Wikimedia Deutschland (WMDE) is the oldest chapter, holding its first meeting in 2004. As of 2016, it had a budget of €20 million. Some chapters such as WMDE get some of their funds directly from grants and supporting memberships. Some others get their funds primarily from annual plan grants from WMF. As of 2019, roughly 10% of the WMF budget is distributed in this way to chapters and thematic organizations.

===Wikimedia Foundation===

The Wikimedia Foundation (WMF) is an American non-profit and charitable organization headquartered in San Francisco. It owns the domain names and maintains most of the movement's websites. According to WMF's 2015 financial statements, in 2015 WMF had a budget of US$72 million, spending US$52 million on its operation, and increasing its reserves to US$82 million. WMF is primarily funded by donations with the average donation being $15.

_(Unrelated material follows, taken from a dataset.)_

(* For any set of rule schemes $\mathcal{R}\subseteq\{N,H,P,F,wF\}$ there exists a non-commutative spacetime $\mathcal{S}\in\mathbf{ST}(\mathcal{R})$ such that for every sequent, if $\mathcal{S}\vDash\Gamma\Rightarrow A$ then $\Gamma\vdash_{\mathbf{STL}(\mathcal{R})}A$. Likewise there exists a spacetime $\mathcal{S}\in i\mathbf{ST}(\mathcal{R})$ such that if $\mathcal{S}\vDash\Gamma\Rightarrow A$ then $\Gamma\vdash_{i\mathbf{STL}(\mathcal{R})}A$.
   Context: Formulas of $\mathcal{L}_\nabla$ are built from propositional variables and constants $1,\top,\bot$ by binary $\wedge,\vee,\otimes,\to$ and unary $\nabla$. A sequent is $\Gamma\Rightarrow A$ with $\Gamma$ a finite (possibly empty) sequence; $\nabla\Gamma$ applies $\nabla$ to each member. $\mathbf{STL}$ has axioms $A\Rightarrow A$, $\Rightarrow1$, $\nabla1\Rightarrow1$, $\Gamma\Rightarrow\top$, $\Gamma,\bot,\Sigma\Rightarrow A$ and rules (premises / conclusion): cut: $\Gamma\Rightarrow A$, $\Pi,A,\Sigma\Rightarrow B$ / $\Pi,\Gamma,\Sigma\Rightarrow B$; $L\wedge$: $\Gamma,A,\Sigma\Rightarrow C$ / $\Gamma,A\wedge B,\Sigma\Rightarrow C$ and $\Gamma,B,\Sigma\Rightarrow C$ / $\Gamma,A\wedge B,\Sigma\Rightarrow C$; $R\wedge$: $\Gamma\Rightarrow A$, $\Gamma\Rightarrow B$ / $\Gamma\Rightarrow A\wedge B$; $L\vee$: $\Gamma,A,\Sigma\Rightarrow C$, $\Gamma,B,\Sigma\Rightarrow C$ / $\Gamma,A\vee B,\Sigma\Rightarrow C$; $R\vee$: $\Gamma\Rightarrow A$ / $\Gamma\Rightarrow A\vee B$ and $\Gamma\Rightarrow B$ / $\Gamma\Rightarrow A\vee B$; $L1$: $\Gamma,\Sigma\Rightarrow A$ / $\Gamma,1,\Sigma\Rightarrow A$; $L\otimes$: $\Gamma,A,B,\Sigma\Rightarrow C$ / $\Gamma,A\otimes B,\Sigma\Rightarrow C$; $R\otimes$: $\Gamma\Rightarrow A$, $\Sigma\Rightarrow B$ / $\Gamma,\Sigma\Rightarrow A\otimes B$; $(\nabla)$: $A\Rightarrow B$ / $\nabla A\Rightarrow\nabla B$; Oplax: $\nabla A,\nabla B\Rightarrow C$ / $\nabla(A\otimes B)\Rightarrow C$; $L\to$: $\Gamma\Rightarrow A$, $\Pi,B,\Sigma\Rightarrow C$ / $\Pi,\Gamma,\nabla(A\to B),\Sigma\Rightarrow C$; $R\to$: $A,\nabla\Gamma\Rightarrow B$ / $\Gamma\Rightarrow A\to B$. Rule schemes: $(N)$: $\Gamma\Rightarrow A$ / $\nabla\Gamma\Rightarrow\nabla A$; $(P)$: $\Gamma\Rightarrow\nabla A$ / $\Gamma\Rightarrow A$; $(F)$: $\Gamma\Rightarrow A$ / $\Gamma\Rightarrow\nabla A$; $(wF)$: $\nabla A\Rightarrow\bot$ / $A\Rightarrow\bot$; $(H)$: $\Gamma,A_1\to B_1,\dots,A_n\to B_n\Rightarrow C$ / $\nabla\Gamma,\nabla A_1\to\nabla B_1,\dots,\nabla A_n\to\nabla B_n\Rightarrow\nabla C$ ($n\ge0$). Structural rules: weakening, contraction and exchange on the left of $\Rightarrow$. $\mathbf{STL}(\mathcal{R})$ is $\mathbf{STL}$ plus the schemes in $\mathcal{R}$; $i\mathbf{STL}(\mathcal{R})$ adds the structural rules; $\Gamma\vdash_L A$ means $L$ derives $\Gamma\Rightarrow A$. Semantics: a quantale is a monoidal poset (monoid with multiplication monotone in each argument) with all joins over which multiplication distributes; a locale is a quantale whose multiplication is binary meet with unit the top. A non-commutative spacetime is $\mathcal{S}=(\mathscr{X},\nabla)$ with $\mathscr{X}$ a quantale and $\nabla$ join preserving and oplax monoidal; a spacetime is one with $\mathscr{X}$ a locale. Its implication $\to_{\mathcal{S}}$ is characterized by $a\otimes\nabla b\le c$ iff $b\le a\to_{\mathcal{S}}c$. A valuation $V$ maps formulas to $\mathscr{X}$ with $V(1)=e$, $V(\bot)$ bottom, $V(\top)$ top, commuting with $\wedge,\vee,\otimes,\nabla,\to$ (meet, join, $\otimes$, $\nabla$, $\to_{\mathcal{S}}$). $\mathcal{S}\vDash\gamma_1,\dots,\gamma_n\Rightarrow A$ iff $V(\gamma_1)\otimes\cdots\otimes V(\gamma_n)\le V(A)$ for all $V$ (empty product $=e$). $\mathcal{S}$ satisfies $(N)$ if $\nabla e=e$ and $\nabla(a\otimes b)=\nabla a\otimes\nabla b$; $(H)$ if $\nabla$ preserves all structure including the implication; $(P)$ if $\nabla a\le a$; $(F)$ if $a\le\nabla a$; $(wF)$ if $\nabla a=0$ implies $a=0$. $\mathbf{ST}(\mathcal{R})$ (resp. $i\mathbf{ST}(\mathcal{R})$) is the class of non-commutative spacetimes (resp. spacetimes) satisfying all schemes in $\mathcal{R}$. *)

From Stdlib Require Import List.
Import ListNotations.
Set Implicit Arguments.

WMF was founded in 2003 by Jimmy Wales so that there would be an independent charitable entity responsible for the domains and trademarks, and so that Wikipedia and its sister projects could be funded through non-profit means in the future. Its purpose was "... to empower and engage people around the world to collect and develop educational content under a free license or in the public domain, and to disseminate it effectively and globally."

===Wikimedia user groups===
There are over 800 language editions of different Wikimedia projects, each with groups of editors working on areas of shared interest. Some have Wikiprojects with their own project pages, membership lists, and open task trackers. Some also register as community user groups to participate in movement governance, use community logos outside of the wikis, and receive grants for events and projects. As of 2023, there are over 140 user groups.